If you could answer a quick question, how do I design a workflow in 5? I don't see how to get that done? I'd like to take it for a test spin measuring some paint samples but I can't see any obvious way of setting up my workflow for it.


----------



## Joel Barsotti

mechman said:


> I'm excited to try it out this week Joel! I have to admit that I haven't had much time with the beta's as summer is a very busy 'outside' season for me.
> 
> If you could answer a quick question, how do I design a workflow in 5? I don't see how to get that done? I'd like to take it for a test spin measuring some paint samples but I can't see any obvious way of setting up my workflow for it.


There are three different ways to get into design mode. My favorite is "alt-D", but you can also right click the workflow title and it's in the context menu, or go into the config panel and under advanced workflow options there is a check box there as well.

This is gated by license now, I believe only ultimate get design mode by default. But your beta key will work as an ultimate key for a while.


----------



## mechman

Thanks Joel!! I've got my ultimate key already. :T I'm not going to encounter any issues with the spectrum chart using an i1pro in reflective mode, am I? I recall it not working correctly in a very early beta.
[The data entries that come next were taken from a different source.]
(* Ideal semantics is not serialisable: there is no selection function $\alpha$ and termination function $\beta$ such that $\mathrm{id}(F)=\mathcal{E}^{\alpha,\beta}(F)$ for every abstract argumentation framework $F$.
   Context: An abstract argumentation framework (AF) is a pair $F=(A,R)$ with $A$ a finite subset of a fixed universal set of arguments $\mathfrak{A}$ and $R\subseteq A\times A$ ($a\to b$ means $(a,b)\in R$). For $S\subseteq A$: $S^+=\{a\mid \exists b\in S: b\to a\}$, $S^-=\{a\mid\exists b\in S: a\to b\}$; for sets $S,S'$, $S\to S'$ means $S^+\cap S'\neq\emptyset$. $S$ is admissible if it is conflict-free and every attacker of an element of $S$ is attacked by some element of $S$. A preferred extension is an inclusion-maximal admissible set. The ideal extension is the inclusion-maximal admissible set $E$ with $E\subseteq E'$ for every preferred extension $E'$; $\mathrm{id}(F)$ is the set of ideal extensions of $F$. An initial set is a non-empty admissible set with no non-empty admissible proper subset; $\mathrm{IS}(F)$ is the set of initial sets. An initial set $S$ is unattacked if $S^-=\emptyset$; unchallenged if $S^-\neq\emptyset$ and no $S'\in\mathrm{IS}(F)$ has $S'\to S$; challenged if some $S'\in\mathrm{IS}(F)$ has $S'\to S$. Write $\mathrm{IS}^{u}(F),\mathrm{IS}^{uc}(F),\mathrm{IS}^{c}(F)$ for these sets. The reduct is $F^S=(A',R\cap(A'\times A'))$ with $A'=A\setminus(S\cup S^+)$. A selection function $\alpha$ maps any three sets $X,Y,Z$ of sets of arguments to a subset of $X\cup Y\cup Z$; a termination function $\beta$ maps pairs $(F,S)$ to $\{0,1\}$. Transitions: $(F,S)\to(F^{S'},S\cup S')$ whenever $S'\in\alpha(\mathrm{IS}^u(F),\mathrm{IS}^{uc}(F),\mathrm{IS}^c(F))$. $(F,S)\leadsto^{\alpha,\beta}(F',S')$ means $(F',S')$ is reachable from $(F,S)$ in finitely many (possibly zero) transitions and $\beta(F',S')=1$. $\mathcal{E}^{\alpha,\beta}(F)$ is the set of all $S$ with $(F,\emptyset)\leadsto^{\alpha,\beta}(F',S)$ for some $F'$. A semantics $\sigma$ is serialisable if there exist $\alpha,\beta$ with $\sigma(F)=\mathcal{E}^{\alpha,\beta}(F)$ for all AFs $F$. *)

From mathcomp Require Import all_boot.
From mathcomp Require Import boolp classical_sets cardinality.
Set Implicit Arguments. Unset Strict Implicit. Unset Printing Implicit Defensive.
Local Open Scope classical_set_scope.

Definition arg := nat.

Definition AF := (set arg * set (arg * arg))%type.
Definition is_AF (F : AF) : Prop := finite_set F.1 /\ F.2 `<=` F.1 `*` F.1.

Definition splus (R : set (arg * arg)) (S : set arg) : set arg :=
  [set a | exists2 b, S b & R (b, a)].
Definition sminus (R : set (arg * arg)) (S : set arg) : set arg :=
  [set a | exists2 b, S b & R (a, b)].
Definition set_att (R : set (arg * arg)) (S S' : set arg) : Prop :=
  splus R S `&` S' !=set0.

Definition conflict_free (F : AF) (S : set arg) : Prop :=
  forall a b, S a -> S b -> ~ F.2 (a, b).
Definition admissible (F : AF) (S : set arg) : Prop :=
  [/\ S `<=` F.1, conflict_free F S &
      forall a b, S b -> F.2 (a, b) -> exists2 c, S c & F.2 (c, a)].
Definition preferred (F : AF) (S : set arg) : Prop :=
  admissible F S /\ forall T, admissible F T -> S `<=` T -> T = S.

Definition in_all_preferred (F : AF) (E : set arg) : Prop :=
  forall P, preferred F P -> E `<=` P.
Definition ideal_ext (F : AF) (E : set arg) : Prop :=
  [/\ admissible F E, in_all_preferred F E &
      forall E', admissible F E' -> in_all_preferred F E' -> E `<=` E' -> E' = E].
Definition ideal_sem (F : AF) : set (set arg) := [set E | ideal_ext F E].

Definition initial (F : AF) (S : set arg) : Prop :=
  [/\ admissible F S, S !=set0 &
      forall T, admissible F T -> T !=set0 -> T `<=` S -> T = S].
Definition IS (F : AF) : set (set arg) := [set S | initial F S].
Definition IS_u (F : AF) : set (set arg) :=
  [set S | initial F S /\ sminus F.2 S = set0].
Definition IS_uc (F : AF) : set (set arg) :=
  [set S | [/\ initial F S, sminus F.2 S !=set0 &
                ~ exists2 S', IS F S' & set_att F.2 S' S]].
Definition IS_c (F : AF) : set (set arg) :=
  [set S | initial F S /\ exists2 S', IS F S' & set_att F.2 S' S].

Definition reduct (F : AF) (S : set arg) : AF :=
  let A' := F.1 `\` (S `|` splus F.2 S) in (A', F.2 `&` (A' `*` A')).

Definition selfun := set (set arg) -> set (set arg) -> set (set arg) -> set (set arg).
Definition is_selection (alpha : selfun) : Prop :=
  forall X Y Z, alpha X Y Z `<=` X `|` Y `|` Z.
Definition termfun := AF -> set arg -> bool.

Definition step (alpha : selfun) (c c' : AF * set arg) : Prop :=
  exists2 S', alpha (IS_u c.1) (IS_uc c.1) (IS_c c.1) S' &
              c' = (reduct c.1 S', c.2 `|` S').

Inductive reach (alpha : selfun) : AF * set arg -> AF * set arg -> Prop :=
| reach_refl c : reach alpha c c
| reach_step c c' c'' : step alpha c c' -> reach alpha c' c'' -> reach alpha c c''.

Definition serial_ext (alpha : selfun) (beta : termfun) (F : AF) : set (set arg) :=
  [set S | exists F', reach alpha (F, set0) (F', S) /\ beta F' S].

Definition serialisable (sigma : AF -> set (set arg)) : Prop :=
  exists (alpha : selfun) (beta : termfun),
    is_selection alpha /\ forall F, is_AF F -> sigma F = serial_ext alpha beta F.

From mathcomp Require Import all_boot.
From mathcomp Require Import boolp classical_sets cardinality.
Set Implicit Arguments. Unset Strict Implicit. Unset Printing Implicit Defensive.
Local Open Scope classical_set_scope.

(* Take F1 with attacks 0 <-> 1, 1 -> 1, 2 <-> 3, and F2 obtained by replacing
   the self-attack 1 -> 1 with 2 -> 1.  In F1 the ideal extension is {0}; in F2
   the preferred extension {1, 3} avoids 0, so {0} is not ideal.  Yet the two
   frameworks have the same initial sets {0} (unchallenged), {2} and {3}
   (challenged), and the same reduct by {0}.  A serialisation yielding {0} in F1
   can only select {0} once and then stop, and that very run is available in F2. *)

Section Admissibility.
Variable F : AF.

Lemma admissibleU P Q : admissible F P -> admissible F Q ->
  conflict_free F (P `|` Q) -> admissible F (P `|` Q).
Proof.
move=> [PA _ Pdef] [QA _ Qdef] cfPQ; split => //.
- by move=> x [/PA|/QA].
- move=> a b [Pb|Qb] ab.
  + by have [c Pc ca] := Pdef _ _ Pb ab; exists c; [left|].
  + by have [c Qc ca] := Qdef _ _ Qb ab; exists c; [right|].
Qed.

Lemma preferred_maximal P Q : preferred F P -> admissible F Q ->
  conflict_free F (P `|` Q) -> Q `<=` P.
Proof.
move=> [Padm Pmax] Qadm cfPQ x Qx.
have <- : P `|` Q = P by apply: Pmax (admissibleU Padm Qadm cfPQ) _ => y; left.
by right.
Qed.

Lemma in_all_preferred_compatible Q : admissible F Q ->
  (forall P, admissible F P -> conflict_free F (P `|` Q)) -> in_all_preferred F Q.
Proof.
by move=> Qadm cfQ P Ppref; apply: preferred_maximal Ppref Qadm (cfQ _ Ppref.1).
Qed.

Lemma preferred_conflicting P : admissible F P ->
  (forall x, F.1 x -> ~ P x -> exists2 p, P p & F.2 (p, x) \/ F.2 (x, p)) ->
  preferred F P.
Proof.
move=> Padm Pconf; split => // T [TA Tcf _] PT.
apply/seteqP; split => // x Tx; apply: contrapT => Px.
have [p Pp [px|xp]] := Pconf x (TA _ Tx) Px.
- exact: (Tcf p x (PT _ Pp) Tx).
- exact: (Tcf x p Tx (PT _ Pp)).
Qed.

Lemma ideal_ext_intro E : admissible F E -> in_all_preferred F E ->
  (forall E', in_all_preferred F E' -> E' `<=` E) -> ideal_ext F E.
Proof.
move=> Eadm Eall Emax; split => // E' _ E'all EE'.
by apply/seteqP; split => //; apply: Emax.
Qed.

Lemma initial_set1 x : admissible F [set x] -> initial F [set x].
Proof.
move=> xadm; split => //; first by exists x.
by move=> T _ [y Ty] Tx; apply/seteqP; split => // _ ->; rewrite -(Tx _ Ty).
Qed.

Lemma initial_set1P (D : set arg) :
  (forall x, D x -> admissible F [set x]) ->
  (forall S, admissible F S -> S !=set0 -> exists2 x, S x & D x) ->
  forall S, initial F S <-> exists2 x, D x & S = [set x].
Proof.
move=> Dadm Dmeet S; split; last by move=> [x /Dadm xadm ->]; apply: initial_set1.
move=> [Sadm S0 Smin]; have [x Sx Dx] := Dmeet _ Sadm S0.
by exists x => //; apply/esym/Smin; [apply: Dadm | exists x | move=> _ ->].
Qed.

End Admissibility.

Section SameInitialSets.
Variables F G : AF.
Hypothesis initial_FG : forall S, initial F S <-> initial G S.
Hypothesis attacks_FG : forall S a b, initial F S -> S b -> F.2 (a, b) <-> G.2 (a, b).

Lemma eq_sminus S : initial F S -> sminus F.2 S = sminus G.2 S.
Proof.
move=> Sinit; apply/seteqP; split => a [b Sb ab]; exists b => //.
- exact: (attacks_FG _ Sinit Sb).1.
- exact: (attacks_FG _ Sinit Sb).2.
Qed.

Lemma eq_set_att S' S : initial F S -> set_att F.2 S' S <-> set_att G.2 S' S.
Proof.
move=> Sinit; split => -[b [[a S'a ab] Sb]]; exists b; split => //; exists a => //.
- exact: (attacks_FG _ Sinit Sb).1.
- exact: (attacks_FG _ Sinit Sb).2.
Qed.

Lemma eq_IS : IS F = IS G.
Proof. by apply/seteqP; split => S /initial_FG. Qed.

Lemma eq_IS_u : IS_u F = IS_u G.
Proof.
apply/seteqP; split => S [Sinit Sm].
- by split; [apply/initial_FG | rewrite -eq_sminus].
- by split; [apply/initial_FG | rewrite eq_sminus //; apply/initial_FG].
Qed.

Lemma eq_IS_uc : IS_uc F = IS_uc G.
Proof.
apply/seteqP; split => S [Sinit Sm Snatt].
- split; [exact/initial_FG | by rewrite -eq_sminus |].
  by rewrite -eq_IS => -[S' S'init /(eq_set_att _ Sinit) att]; apply: Snatt; exists S'.
- have SinitF : initial F S by apply/initial_FG.
  split; [by [] | by rewrite eq_sminus |].
  by rewrite eq_IS => -[S' S'init /(eq_set_att _ SinitF) att]; apply: Snatt; exists S'.
Qed.

Lemma eq_IS_c : IS_c F = IS_c G.
Proof.
apply/seteqP; split => S [Sinit [S' S'init att]].
- by split; [exact/initial_FG | exists S'; [rewrite -eq_IS | apply/eq_set_att]].
- have SinitF : initial F S by apply/initial_FG.
  by split => //; exists S'; [rewrite eq_IS | apply/(eq_set_att _ SinitF)].
Qed.

End SameInitialSets.

(* Arguments outside [D] are removed by both reducts, so only the attacks
   on [D] matter. *)
Lemma eq_reduct (F G : AF) (D S : set arg) : F.1 = G.1 ->
  (forall a b, D b -> F.2 (a, b) <-> G.2 (a, b)) ->
  F.1 `\` D `<=` splus F.2 S -> G.1 `\` D `<=` splus G.2 S ->
  reduct F S = reduct G S.
Proof.
move=> FG1 FG2 FD GD.
have inD (H : AF) x : H.1 `\` D `<=` splus H.2 S -> (reduct H S).1 x -> D x.
  by move=> HD [Hx nSx]; apply: contrapT => nDx; apply: nSx; right; apply: HD.
have args_sub (H K : AF) : H.1 = K.1 -> (forall a b, D b -> K.2 (a, b) -> H.2 (a, b)) ->
    H.1 `\` D `<=` splus H.2 S -> (reduct H S).1 `<=` (reduct K S).1.
  move=> HK KH HD x xS; have Dx := inD _ _ HD xS; case: xS => Hx nSx.
  split; first by rewrite -HK.
  by move=> [Sx|[s Ss sx]]; apply: nSx; [left | right; exists s => //; apply: KH].
have FGargs : (reduct F S).1 = (reduct G S).1.
  apply/seteqP; split; apply: args_sub => // a b Db.
  - exact: (FG2 a b Db).2.
  - exact: (FG2 a b Db).1.
have DG x : (reduct G S).1 x -> D x by exact: inD.
move: FGargs DG; rewrite /reduct /= => -> DG; congr pair.
apply/seteqP; split => -[a b] [ab abA]; split => //; have /DG Db := abA.2.
- exact: (FG2 a b Db).1.
- exact: (FG2 a b Db).2.
Qed.

Section Serialisation.
Variable alpha : selfun.
Hypothesis alpha_sel : is_selection alpha.

Lemma selected_initial F S : alpha (IS_u F) (IS_uc F) (IS_c F) S -> initial F S.
Proof. by move=> /alpha_sel [[[]|[]]|[]]. Qed.

Lemma reach_sub_ext c c' : reach alpha c c' -> c.2 `<=` c'.2.
Proof. by elim=> [c0|c0 c1 c2 [S' _ ->] _ sub] x S0x //; apply: sub; left. Qed.

Lemma reach_inv c c' : reach alpha c c' ->
  c = c' \/ exists2 c1, step alpha c c1 & reach alpha c1 c'.
Proof. by case=> [|c0 c1 c2 st r]; [left | right; exists c1]. Qed.

Lemma reach_same_ext F F' S : F.1 `&` S = set0 -> reach alpha (F, S) (F', S) -> F' = F.
Proof.
move=> FS0 /reach_inv [[->]//|[_ [S' /selected_initial [[S'A _ _] [x S'x] _] ->] r]].
have /= Sx := reach_sub_ext r (or_intror S'x).
have : (F.1 `&` S) x by split => //; apply: S'A.
by rewrite FS0.
Qed.
(* Let $I\subset\mathbb{R}$ be an interval, $a,b\in I$ with $a<b$, and let $f:I\to\mathbb{R}$ be absolutely continuous on the interior $I^{\circ}$ of $I$ with $f''\in L[a,b]$, and suppose $|f''|$ belongs to the class $Q(I)$. If $f(a)=f(b)=f\left(\frac{a+b}{2}\right)$, then \[ \left|\frac{1}{b-a}\int_a^b f(x)\,dx-f\left(\frac{a+b}{2}\right)\right|\le \frac{(b-a)^2}{6}\left(\frac{12\ln 2-8\ln 3+1}{2}\right)\left[|f''(a)|+|f''(b)|\right]. \] If moreover $M>0$ is such that $|f''(x)|<M$ for all $x\in[a,b]$, then \[ \left|\frac{1}{b-a}\int_a^b f(x)\,dx-f\left(\frac{a+b}{2}\right)\right|\le \frac{(b-a)^2}{3}\left(\frac{12\ln 2-8\ln 3+1}{2}\right)M. \]
   Context: A function $g:I\to\mathbb{R}$ belongs to the class $Q(I)$ (is a Godunova–Levin function) if $g$ is non-negative and for all $x,y\in I$ and $t\in(0,1)$, \[ g(tx+(1-t)y)\le \frac{g(x)}{t}+\frac{g(y)}{1-t}. \] *)

From HB Require Import structures.
From mathcomp Require Import all_boot all_order all_algebra.
From mathcomp Require Import all_classical all_reals all_analysis.
Set Implicit Arguments. Unset Strict Implicit. Unset Printing Implicit Defensive.
Import Order.TTheory GRing.Theory Num.Theory.
Import numFieldNormedType.Exports.
Local Open Scope classical_set_scope.
Local Open Scope ring_scope.

Definition GL_class {R : realType} (I : set R) (g : R -> R) : Prop :=
  (forall x, I x -> 0 <= g x) /\
  (forall x y t, I x -> I y -> 0 < t < 1 ->
     g (t * x + (1 - t) * y) <= g x / t + g y / (1 - t)).

Definition abs_continuous_on {R : realType} (c d : R) (f : R -> R) : Prop :=
  forall eps : R, 0 < eps -> exists2 delta : R, 0 < delta &
    forall (n : nat) (u v : nat -> R),
      (forall i, (i < n)%N -> c <= u i /\ u i <= v i /\ v i <= d) ->
      (forall i, (i.+1 < n)%N -> v i <= u i.+1) ->
      \sum_(i < n) (v i - u i) < delta ->
      \sum_(i < n) `|f (v i) - f (u i)| < eps.

Definition abs_continuous_in {R : realType} (E : set R) (f : R -> R) : Prop :=
  forall c d, c <= d -> `[c, d] `<=` E -> abs_continuous_on c d f.

From HB Require Import structures.
From mathcomp Require Import all_boot all_order all_algebra.
From mathcomp Require Import all_classical all_reals all_analysis.
From mathcomp Require Import ring lra.
Import Order.TTheory GRing.Theory Num.Theory.
Import numFieldNormedType.Exports.
Local Open Scope classical_set_scope.
Local Open Scope ring_scope.

(* Let h = b - a, m = (a + b) / 2 and let P be a primitive of f. Since
   f a = f m = f b, two integrations by parts on each half give
     P b - P a - h f m = int_a^m k_L f'' + int_m^b k_R f'',
   with the Peano kernels k_L x = (x - a)^2 / 2 - h (x - a) / 6 and
   k_R x = (b - x)^2 / 2 - h (b - x) / 6; the identity is obtained by
   differentiating P - k' f + k f'.  The Godunova-Levin inequality at
   t = (b - x) / h bounds |f'' x| by |f'' a| h / (b - x) + |f'' b| h / (x - a).
   Each kernel changes sign once (at a + h / 3, resp. b - h / 3), and |k_L|, |k_R|
   times this majorant have explicit primitives involving ln (b - x), ln (x - a);
   comparing derivatives on the four subintervals bounds the right-hand side by
   h^3 (12 ln 2 - 8 ln 3 + 1) / 12 (|f'' a| + |f'' b|). *)

Section real_calculus.
Context {R : realType}.
Implicit Types (f G : R -> R) (a b c d x : R).

Lemma interior_is_interval {I : set R} : is_interval I -> is_interval (interior I).
Proof.
move=> iI x z Ix Iz y /andP[xy yz].
have [<-//|nxy] := eqVneq x y; have [->//|nyz] := eqVneq y z.
have {nxy}xy : x < y by rewrite lt_neqAle nxy.
have {nyz}yz : y < z by rewrite lt_neqAle nyz.
apply/nbhs_ballP; exists (Num.min (y - x) (z - y)); first by rewrite /= lt_min !subr_gt0 xy yz.
move=> w; rewrite -ball_normE /ball_ /= lt_min !ltr_norml => /andP[/andP[? ?] /andP[? ?]].
by apply: (iI x z); [exact: interior_subset|exact: interior_subset|apply/andP; split; lra].
Qed.

Lemma interior_widen {I : set R} {a} : interior I a ->
  exists2 e, 0 < e & interior I (a - e) /\ interior I (a + e).
Proof.
move=> Ia; have : nbhs a (interior I) by apply: open_nbhs_nbhs; split => //; exact: open_interior.
move/nbhs_ballP => [e /= e0 aeI]; exists (e / 2); first by rewrite divr_gt0.
by split; apply: aeI; rewrite -ball_normE /ball_ /= ?opprD ?opprB ?addrA ?subrr ?add0r ?addrK
  ?normrN gtr0_norm ?divr_gt0 // ltr_pdivrMr // ltr_pMr // ltr1n.
Qed.

Lemma is_derive_integral f c d x :
  (forall y, c <= y <= d -> {for y, continuous f}) -> c < x < d ->
  is_derive x 1 (fun y => \int[lebesgue_measure]_(t in `[c, y]) f t) (f x).
Proof.
move=> cf /andP[cx xd].
have intf : lebesgue_measure.-integrable `[c, d] (EFin \o f).
  apply: continuous_compact_integrable; first exact: segment_compact.
  by apply: continuous_in_subspaceT => y; rewrite inE /= in_itv /=; exact: cf.
have xcd : c <= x <= d by rewrite !ltW.
have [dF Fx] := continuous_FTC1_closed xd intf cx (cf x xcd).
by have := derivableP dF; rewrite -derive1E Fx.
Qed.

Lemma integral_primitive f G a b : a < b ->
  (forall x, a <= x <= b -> is_derive x 1 G (f x)) ->
  (forall x, a <= x <= b -> {for x, continuous f}) ->
  \int[lebesgue_measure]_(x in `[a, b]) f x = G b - G a.
Proof.
move=> ab dG cf.
have cG x : a <= x <= b -> {for x, continuous G}.
  move=> xab; apply: differentiable_continuous; apply/derivable1_diffP.
  exact: (ex_derive (is_derive := dG x xab)).
have oab x : x \in `]a, b[ -> a <= x <= b by rewrite in_itv /= => /andP[/ltW -> /ltW ->].
rewrite /Rintegral (@continuous_FTC2 _ f G a b ab) //.
- by apply: continuous_in_subspaceT => x; rewrite inE /= in_itv /=; exact: cf.
- split; first by move=> x /oab xab; exact: (ex_derive (is_derive := dG x xab)).
  + by apply: cvg_at_right_filter; apply: cG; rewrite lexx ltW.
  + by apply: cvg_at_left_filter; apply: cG; rewrite lexx ltW.
- by move=> x /oab xab; rewrite derive1E; exact: (derive_val (is_derive := dG x xab)).
Qed.

Lemma interior_primitive (I : set R) f a b : is_interval I ->
  interior I a -> interior I b -> a < b ->
  (forall x, interior I x -> {for x, continuous f}) ->
  exists2 P : R -> R, (forall x, a <= x <= b -> is_derive x 1 P (f x))
    & \int[lebesgue_measure]_(x in `[a, b]) f x = P b - P a.
Proof.
move=> iI Ia Ib ab cf.
have [ea ea0 [Iea _]] := interior_widen Ia.
have [eb eb0 [_ Ieb]] := interior_widen Ib.
have {}cf x : a - ea <= x <= b + eb -> {for x, continuous f}.
  by move=> /(interior_is_interval iI _ _ Iea Ieb)/cf.
have in_ab x : a <= x <= b -> a - ea < x < b + eb.
  by move=> /andP[? ?]; apply/andP; split; lra.
pose P y := \int[lebesgue_measure]_(t in `[a - ea, y]) f t.
have dP x : a <= x <= b -> is_derive x 1 P (f x).
  by move=> /in_ab; exact: is_derive_integral.
exists P => //; apply: integral_primitive ab dP _ => x /in_ab /andP[? ?].
by apply: cf; rewrite !ltW.
Qed.

End real_calculus.

Lemma GL_class_le {R : realType} (I : set R) (g : R -> R) a b x :
  GL_class I g -> I a -> I b -> a < x < b ->
  g x <= g a * (b - a) / (b - x) + g b * (b - a) / (x - a).
Proof.
move=> [_ GL] Ia Ib /andP[ax xb].
have ba0 : b - a != 0 by rewrite subr_eq0 gt_eqF // (lt_trans ax).
have bx0 : b - x != 0 by rewrite subr_eq0 gt_eqF.
have xa0 : x - a != 0 by rewrite subr_eq0 gt_eqF.
have t01 : 0 < (b - x) / (b - a) < 1.
  by rewrite divr_gt0 ?ltr_pdivrMr ?mul1r ?subr_gt0 //=; lra.
have := GL a b _ Ia Ib t01.
rewrite (_ : (b - x) / (b - a) * a + (1 - (b - x) / (b - a)) * b = x); last by field.
by rewrite (_ : 1 - (b - x) / (b - a) = (x - a) / (b - a)) ?invf_div ?mulrA //; field.
Qed.

Lemma ln_const_ge0 {R : realType} : 0 <= 12 * ln 2 - 8 * ln 3 + 1 :> R.
Proof.
(* ln (9 / 8) <= 1 / 8 *)
have : -1 < 8^-1 :> R by rewrite (lt_trans (ltrN10 R)) // invr_gt0.
move/le_ln1Dx.
have -> : 1 + 8^-1 = (3 * 3) / (2 * (2 * 2)) :> R by field.
by rewrite ln_div ?posrE // !lnM ?posrE //; lra.
Qed.

Section ln_derivatives.
Context {R : realType}.
Implicit Types (c x : R).

Lemma is_derive_ln_cst_sub {c x} : x < c -> is_derive x 1 (fun y => ln (c - y)) (- (c - x)^-1).
Proof.
(* Instance resolution of [is_derive] computes a derivative, using [dln] for ln;
   only its value is left to check.  The same pattern is used below. *)
rewrite -subr_gt0 => /is_derive1_ln dln.
by apply: is_derive_eq; rewrite /GRing.scale /=; ring.
Qed.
Also, will I be able to share a workflow? Not that I think I'd need to, but let's say I design a HTS workflow, can other CalMAN users use it? Regardless of their license?


----------



## Joel Barsotti

mechman said:


> Thanks Joel!! I've got my ultimate key already. :T I'm not going to encounter any issues with the spectrum chart using an i1pro in reflective mode, am I? I recall it not working correctly in a very early beta.
> 
> Also, will I be able to share a workflow? Not that I think I'd need to, but let's say I design a HTS workflow, can other CalMAN users use it? Regardless of their license?


Spectrum charts work fine, I think the only bugs with it were with the simulated meter.

You will need to have a Professional license to use custom workflows.


----------



## mechman

Thanks again Joel. Looking over what you folks did with the workflows, I don't think I'd need to make any outside of my one for measuring paint/screen materials. And from the look of the intro workflow, it doesn't appear that I'll have to do a guide either. :T


----------



## tbaudoin

CalMan 5.3 RC1 is on the SpectraCal Site for those interested.


----------



## daddieo

For the home theater owner whom might calibrate their projector 2-3 times a year, which version is the smart purchase? I bought the i1-Display pro and have taken 4 and 5 for a spin with the evaluation versions and would like to purchase a subscription but really can't tell from what I've used and what I've read about to help me determine what various model I really need. Will the Basic version be the correct version for what I'm using it for or should I go with the Control version?


----------



## mechman

I believe CalMAN Basic should do what you need it to. Chromapure has a 'Lite' version that is $50 cheaper.


----------



## ConnecTED

I liked the Meter Profile Comparison Free Tool


----------



## daddieo

Joel, I have tried out the evaluation version on my laptop which is a Windows 8 dual core 1.8 Mhz. CPU with out any problems but noticed that Calman 5.2 requirements say that this is below spec. Will I have problems running this on my laptop?


----------